How scary and awful little Spike had to go through such a severe bout of KC! I'm so glad he ultimately fared well. Yesterday I told Chagall his dream was coming true at last; he_ could c_ome shower with me! Well, sort of anyway. I had read about the steam from the shower giving relief to dogs with KC so I brought him in the bathroom with me and fogged up the mirrors with steam. Didn't even_ think_ about him wanting to continue "joint showers"! lol! 

I've been giving him a little raw honey to soothe his throat from all the hacking, and he now sits and worships the kitchen cabinet where the honey is kept. As I think about it, he'll probably want ongoing shower privileges as well! The good news is he's MUCH improved today. I think the reason he was initially so listless was he was running a fever, it's now gone, he's coughing less and his eyes are bright! He tried to play tug-the-Wubba with me, but that led to a little bout of coughing, so a bit more rest is in order. It is very weird not to have my active "shadow," but he's_ definitely_ on the mend!:dance2:


----------



## liljaker (Aug 6, 2011)

Here is hoping a quick recovery for the little guy.


----------



## schnauzerpoodle (Apr 21, 2010)

Good to know that Chagall is getting better! Steam inhalation DOES help. It helps when I have a bad day from my asthma. It helps loosen the mucus and bring in more moisture to the airways. Additional fluid intake also helps to thin out the phlegm.


----------



## Fond of Poodles (Feb 1, 2011)

We've had kennel cough here a few times (always from a show weekend too). It's sounds so scary the way they cough, and I hate the feeling that I can't do anything to make them feel better, :-(.

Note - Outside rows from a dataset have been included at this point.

(* Let $L\in\mathbb N$, let $\Lambda=\Lambda_L$, and let $W=S_1C_1S_2C_2$ be a walk of the form described below. Then there is a unitary operator (walk) $W_d$ on $\mathcal H$ such that $W_L=P_LW_dP_L^*$ is unitary on $P_L\mathcal H=\ell^2(\Lambda_L)\otimes\mathbb C^2$, and $W-W_d$ differs from zero only on the set $(\Delta\Lambda)_2=\{x\in\mathbb Z^2:\operatorname{dist}(x,\Delta\Lambda)\le 2\}$, i.e. $\langle x,s|(W-W_d)|y,s'\rangle=0$ unless $x,y\in(\Delta\Lambda)_2$.
   Context: $\mathcal H=\ell^2(\mathbb Z^2)\otimes\mathbb C^2$ with basis $|x,s\rangle$, $x\in\mathbb Z^2$, $s\in\{\pm1\}$. A walk of the considered form is $W=S_1C_1S_2C_2$, where each coin operator $C_j=\bigoplus_{x\in\mathbb Z^2}C_j(x)$ acts as $|x\rangle\otimes\psi\mapsto|x\rangle\otimes C_j(x)\psi$ with $C_j(x)$ a unitary $2\times2$ matrix, and the state-dependent shifts are $S_\alpha=\sum_{s=\pm1}t_\alpha^s\otimes P_s$, where $t_\alpha|x\rangle=|x+e_\alpha\rangle$ and $P_{\pm1}$ is the projection onto $|{\pm1}\rangle$. $\Lambda_L=\{x\in\mathbb Z^2:|x_1|\le L,|x_2|\le L\}$, $P_L:\mathcal H\to\ell^2(\Lambda_L)\otimes\mathbb C^2$ is the canonical projection, and $\Delta\Lambda$ is the boundary of the square $\{x:-L-1\le x_1\le L,\ -L-1\le x_2\le L\}$, i.e. the set of its points with $x_1\in\{-L-1,L\}$ or $x_2\in\{-L-1,L\}$. $\operatorname{dist}$ denotes the Euclidean distance in $\mathbb Z^2$. *)

From HB Require Import structures.
From mathcomp Require Import all_boot all_order all_algebra.
From mathcomp Require Import spectral.
From mathcomp Require Import complex.
From mathcomp Require Import reals.

Set Implicit Arguments.
Unset Strict Implicit.
Unset Printing Implicit Defensive.

Import Order.TTheory GRing.Theory Num.Theory.
Local Open Scope ring_scope.

(* A basis vector |x,s> of H = l^2(Z^2) (x) C^2 is indexed by a "site" (x,s);
   the spin s = +1 is encoded by [true], s = -1 by [false]. *)
Definition point := (int * int)%type.
Definition site := (point * bool)%type.

Definition spin (s : bool) : int := if s then 1 else -1.

Definition sidx (s : bool) : 'I_2 := if s then ord0 else ord_max.

(* Operators on H are described by their matrix elements
   K (x,s) (y,s') = <x,s| K |y,s'>. *)
Definition kernel (C : Type) := site -> site -> C.

Definition box (x : point) (r : nat) : seq point :=
  [seq (x.1 + (i%:Z - r%:Z), x.2 + (j%:Z - r%:Z)) |
     i <- iota 0 (2 * r).+1, j <- iota 0 (2 * r).+1].

Definition sites_of (P : seq point) : seq site :=
  [seq (z, s) | z <- P, s <- [:: true; false]].

Definition nbhd (x : point) (r : nat) : seq site := sites_of (box x r).

Definition banded (C : nmodType) (r : nat) (K : kernel C) : Prop :=
  forall u v : site,
    (r < maxn `|u.1.1 - v.1.1|%N `|u.1.2 - v.1.2|%N)%N -> K u v = 0.

(* product of kernels, correct (finite sum) whenever A has range <= r *)
Definition kmul (C : pzSemiRingType) (r : nat) (A B : kernel C) : kernel C :=
  fun u v => \sum_(w <- nbhd u.1 r) A u w * B w v.

Definition shift1 (C : pzSemiRingType) : kernel C := fun u v =>
  ((u.2 == v.2) && (u.1 == (v.1.1 + spin v.2, v.1.2)))%:R.
Definition shift2 (C : pzSemiRingType) : kernel C := fun u v =>
  ((u.2 == v.2) && (u.1 == (v.1.1, v.1.2 + spin v.2)))%:R.

Definition coin (C : pzSemiRingType) (c : point -> 'M[C]_2) : kernel C :=
  fun u v => (u.1 == v.1)%:R * c v.1 (sidx u.2) (sidx v.2).

Definition walk (C : pzSemiRingType) (c1 c2 : point -> 'M[C]_2) : kernel C :=
  kmul 1 (shift1 C) (kmul 0 (coin c1) (kmul 1 (shift2 C) (coin c2))).

(* A banded kernel of range r defines a (bounded) unitary operator on H:
   K^* K = 1 and K K^* = 1, the sums being finite. *)
Definition unitary_kernel (C : numClosedFieldType) (K : kernel C) : Prop :=
  exists r : nat, banded r K /\
    forall u v : site,
      \sum_(w <- nbhd u.1 r) (K w u)^* * K w v = (u == v)%:R /\
      \sum_(w <- nbhd u.1 r) K u w * (K v w)^* = (u == v)%:R.

Definition LambdaL (L : nat) : seq point := box (0, 0) L.

Definition compression_unitary (C : numClosedFieldType) (L : nat) (K : kernel C) :
  Prop :=
  forall u v : site, u.1 \in LambdaL L -> v.1 \in LambdaL L ->
    \sum_(w <- sites_of (LambdaL L)) (K w u)^* * K w v = (u == v)%:R /\
    \sum_(w <- sites_of (LambdaL L)) K u w * (K v w)^* = (u == v)%:R.

Definition in_DeltaLambda (L : nat) (x : point) : Prop :=
  let a := - (L%:Z) - 1 in let b := L%:Z in
  [/\ a <= x.1 <= b, a <= x.2 <= b &
      [|| x.1 == a, x.1 == b, x.2 == a | x.2 == b]].

Definition in_DeltaLambda2 (L : nat) (x : point) : Prop :=
  exists b : point, in_DeltaLambda L b /\
    (x.1 - b.1) ^+ 2 + (x.2 - b.2) ^+ 2 <= 4.

From HB Require Import structures.
From mathcomp Require Import all_boot all_order all_algebra.
From mathcomp Require Import spectral complex reals.
From mathcomp Require Import zify ring.

(* Replace each shift S_a by a decoupled shift D_a that moves a walker as S_a does, except
   that a move which would cross the boundary of Lambda is replaced by a spin flip in place.
   D_a is a permutation of the basis preserving both Lambda and its complement, so
   W_d = D_1 C_1 D_2 C_2 is a product of unitaries, is unitary, and its compression to
   Lambda is unitary too.  All operators are banded kernels, and a product of banded
   unitary kernels is again one, all sums being finite sums over boxes.  Finally W and
   W_d only differ on paths of W through a boundary-crossing step, and every point within
   l1-distance one of such a step lies within distance 2 of Delta Lambda. *)

Set Implicit Arguments.
Unset Strict Implicit.
Unset Printing Implicit Defensive.

Import Order.TTheory GRing.Theory Num.Theory.
Local Open Scope ring_scope.

Lemma big_uniq_supp (T : eqType) (V : nmodType) (s1 s2 : seq T) (F : T -> V) :
  uniq s1 -> uniq s2 -> {in [pred x | F x != 0], s1 =i s2} ->
  \sum_(x <- s1) F x = \sum_(x <- s2) F x.
Proof.
move=> u1 u2 e12; apply: perm_big_supp; apply: uniq_perm; rewrite ?filter_uniq //.
by move=> x; rewrite !mem_filter; case: (boolP (F x != 0)) => // /e12 ->.
Qed.

Lemma big_pick (T : eqType) (V : pzSemiRingType) (s : seq T) (a : T) (F : T -> V) :
  uniq s -> (a \notin s -> F a = 0) -> \sum_(x <- s) (x == a)%:R * F x = F a.
Proof.
move=> us Fa; case: (boolP (a \in s)) => [as_|na].
  rewrite (@big_uniq_supp _ _ s [:: a]) ?big_seq1 ?eqxx ?mul1r // => x.
  by rewrite !inE; case: (eqVneq x a) => [->|_]; rewrite ?mul0r ?eqxx ?as_.
rewrite Fa // big1_seq // => x /= xs.
by rewrite (_ : x == a = false) ?mul0r //; apply: contraNF na => /eqP <-.
Qed.

Definition pdist (x y : point) : nat := maxn `|x.1 - y.1|%N `|x.2 - y.2|%N.

Lemma pdistC x y : pdist x y = pdist y x.
Proof. rewrite /pdist; lia. Qed.

Lemma pdist_triangle x y z : (pdist x z <= pdist x y + pdist y z)%N.
Proof. rewrite /pdist; lia. Qed.

Lemma pdist_leD x y z r r' :
  (pdist x y <= r)%N -> (pdist y z <= r')%N -> (pdist x z <= r + r')%N.
Proof. by move=> xy yz; apply: leq_trans (pdist_triangle x y z) (leq_add xy yz). Qed.

Lemma mem_box c x r : (x \in box c r) = (pdist c x <= r)%N.
Proof.
rewrite /pdist; case: x => x1 x2; case: c => c1 c2 /=.
apply/allpairsP/idP => [[[i j]] [] hi hj [-> ->]|h].
  by move: hi hj; rewrite !mem_iota /= !add0n; lia.
exists (absz (x1 - c1 + r%:Z), absz (x2 - c2 + r%:Z)); rewrite !mem_iota /= !add0n.
split; [lia | lia | congr pair; lia].
Qed.
Lemma outer_step m c R M : outer_inv m c R M -> m < size ss ->
  within P 10 (State 12 R M) (at_pc 22 (inner_inv m (s_len ss m))).
Proof.
case=> [[? ? ? ? ?] [? ? ? ? ?] ? lem [hd str out]] ltm.
have [addr len] := input_mem_header k ltm.
have Maddr : M (2 + 2 * m) = s_addr ss m by rewrite hd //; lia.
have Mlen : M (2 + 2 * m + 1) = s_len ss m by rewrite hd -?len ?addn1 //; lia.
have cond : (size ss - m == 0) = false by lia.
have := s_addrS ltm; have := bit_addr_lt ltm; have := s_addr_ge ss m => addr_ge addr_lt addrS.
exists 10 => //; exec; split => //; exists c; split => //=.
- by repeat split; regs; rewrite ?mulnS; lia.
- by split; regs; lia.
- split=> // [x lex ltx | j ltj | j lej ltj]; last lia.
  + by apply: str => //; lia.
  + by apply: str; [lia | exact: addr_lt].
move=> q L; rewrite out; split=> [occ | [// | [_ ltq /power_start_le]]]; [by left | lia].
Qed.

Lemma inner_loop i p c R M : inner_inv i p c R M ->
  within P (22 * p + 1) (State 22 R M) (at_pc 12 (outer_inv i.+1)).
Proof.
elim: p c R M => [|j IHj] c R M inv; first exact: inner_done inv.
case bit: (nth false (bits i) j).
- have store c' R' M' : store_inv i j c' R' M' ->
      within P (22 * j + 1 + 10) (State 35 R' M') (at_pc 12 (outer_inv i.+1)).
    by move=> inv'; apply: within_at_pc (store_step inv') _ => c'' R'' M'' /IHj.
  by apply: within_mono (within_at_pc (inner_one inv bit) store); lia.
- by apply: within_mono (within_at_pc (inner_zero inv bit) (fun _ _ _ => @IHj _ _ _)); lia.
Qed.



Lemma outer_loop m c R M : [::] \notin ss -> outer_inv m c R M ->
  within P (33 * sumn (drop m (map size ss)) + 1) (State 12 R M) (at_pc 46 (outer_inv (size ss))).
Proof.
move=> nil_notin; move Hd : (size ss - m) => d; elim: d m c R M Hd => [|d IHd] m c R M Hd inv.
  have eqm : m = size ss by case: inv => _ _ _ lem _; lia.
  case: (inv) => [_ [_ _ ? _ _] _ _ _]; have cond : (size ss - m == 0) = true by lia.
  by exists 1; [lia | exec; split => //; exists c; rewrite -eqm].
have ltm : m < size ss by lia.
have loop c' R' M' : inner_inv m (s_len ss m) c' R' M' ->
    within P (33 * sumn (drop m.+1 (map size ss)) + 1 + (22 * s_len ss m + 1)) (State 22 R' M')
      (at_pc 46 (outer_inv (size ss))).
  by move/inner_loop => reach; apply: within_at_pc reach _ => c'' R'' M''; apply: IHd; lia.
apply: within_mono (within_at_pc (outer_step inv ltm) loop).
by rewrite (sumn_drop_s_len ltm); have := s_len_gt0 nil_notin ltm; lia.
Qed.

Lemma init_step : 0 < size ss ->
  within P 12 (init_state (encode_input k ss)) (at_pc 12 (outer_inv 0)).
Proof.
case Eh : (size ss) => [// | h] _.
have lth : h < size ss by rewrite Eh.
have [addr len] := input_mem_header k lth.
have hd : header_intact (input_mem k ss) by [].
have str : strings_intact 0 (input_mem k ss) by [].
change (init_state _) with (State 0 (fun=> 0) (input_mem k ss)).
move eqM : (input_mem k ss) hd str addr len => M hd str addr len.
have M0 : M 0 = k by rewrite -eqM.
have M1 : M 1 = h.+1 by rewrite -eqM -Eh.
have Maddr : M (h.+1 + h.+1) = s_addr ss h by rewrite -addr; congr M; lia.
have Mlen : M (h.+1 + h.+1 + 1) = s_len ss h by rewrite -len; congr M; lia.
have := s_addrS lth; rewrite -Eh -/(out_base ss) => addrS.
exists 12 => //; exec; split => //; exists 0; split => //=.
- by repeat (split; regs); lia.
- by repeat (split; regs); rewrite ?muln0 ?addn0 ?Eh.
by split=> // q L; split=> [[] // | [m [? ? _ _]]]; lia.
Qed.

Lemma pseudo_powers_prog_correct : [::] \notin ss ->
  exists st', run P (50 * (sumn (map size ss) + 1)) (init_state (encode_input k ss)) = Some st' /\
    forall p L, (p, L) \in output st' <-> power_occ_upto ss k (size ss) p L.
Proof.
move=> nil_notin; case: (posnP (size ss)) => [h0 | h_gt0].
  have M1 : input_mem k ss 1 = 0 by rewrite /input_mem /encode_input /= h0.
  change (init_state _) with (State 0 (fun=> 0) (input_mem k ss)).
  move eqM : (input_mem k ss) M1 => M M1.
  exists (iter 5 (step P) (State 0 (fun=> 0) M)); split; first by apply: run_iter; [lia | exec].
  by move=> p L; rewrite mem_output; exec; split=> [[] // | [m [? ? _ _]]]; lia.
have [n len [/= pc46 [c [[Rout _ _ _ _] [Rc _ _ _ _] _ _ [_ _ out]]]]] :=
  within_at_pc (init_step h_gt0) (fun c R M inv => outer_loop nil_notin inv).
exists (iter n (step P) (init_state (encode_input k ss))); split.
  by apply: run_iter; [rewrite drop0 in len; lia | rewrite /halted /fetch pc46].
by move=> p L; rewrite mem_output Rc Rout; apply: out.
Qed.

Sorry to hear about Chagall, we're sending poodle kisses and human hugs to you both for a speedy recovery.

I use Oil of Oregano for the cough, it clears the sinus (for everyone in the room too, LOL), and eases the cough. It can be a bit of challenge to get them to ingest the couple of drops required though. I usually mix it with a gob of cheese, or something they swallow quickly in one bite.


----------



## Chagall's mom (Jan 9, 2010)

Fond of Poodles said:


> We've had kennel cough here a few times (always from a show weekend too). It's sounds so scary the way they cough, and I hate the feeling that I can't do anything to make them feel better, :-(.
> 
> Sorry to hear about Chagall, we're sending poodle kisses and human hugs to you both for a speedy recovery.
> 
> I use Oil of Oregano for the cough, it clears the sinus (for everyone in the room too, LOL), and eases the cough. It can be a bit of challenge to get them to ingest the couple of drops required though. I usually mix it with a gob of cheese, or something they swallow quickly in one bite.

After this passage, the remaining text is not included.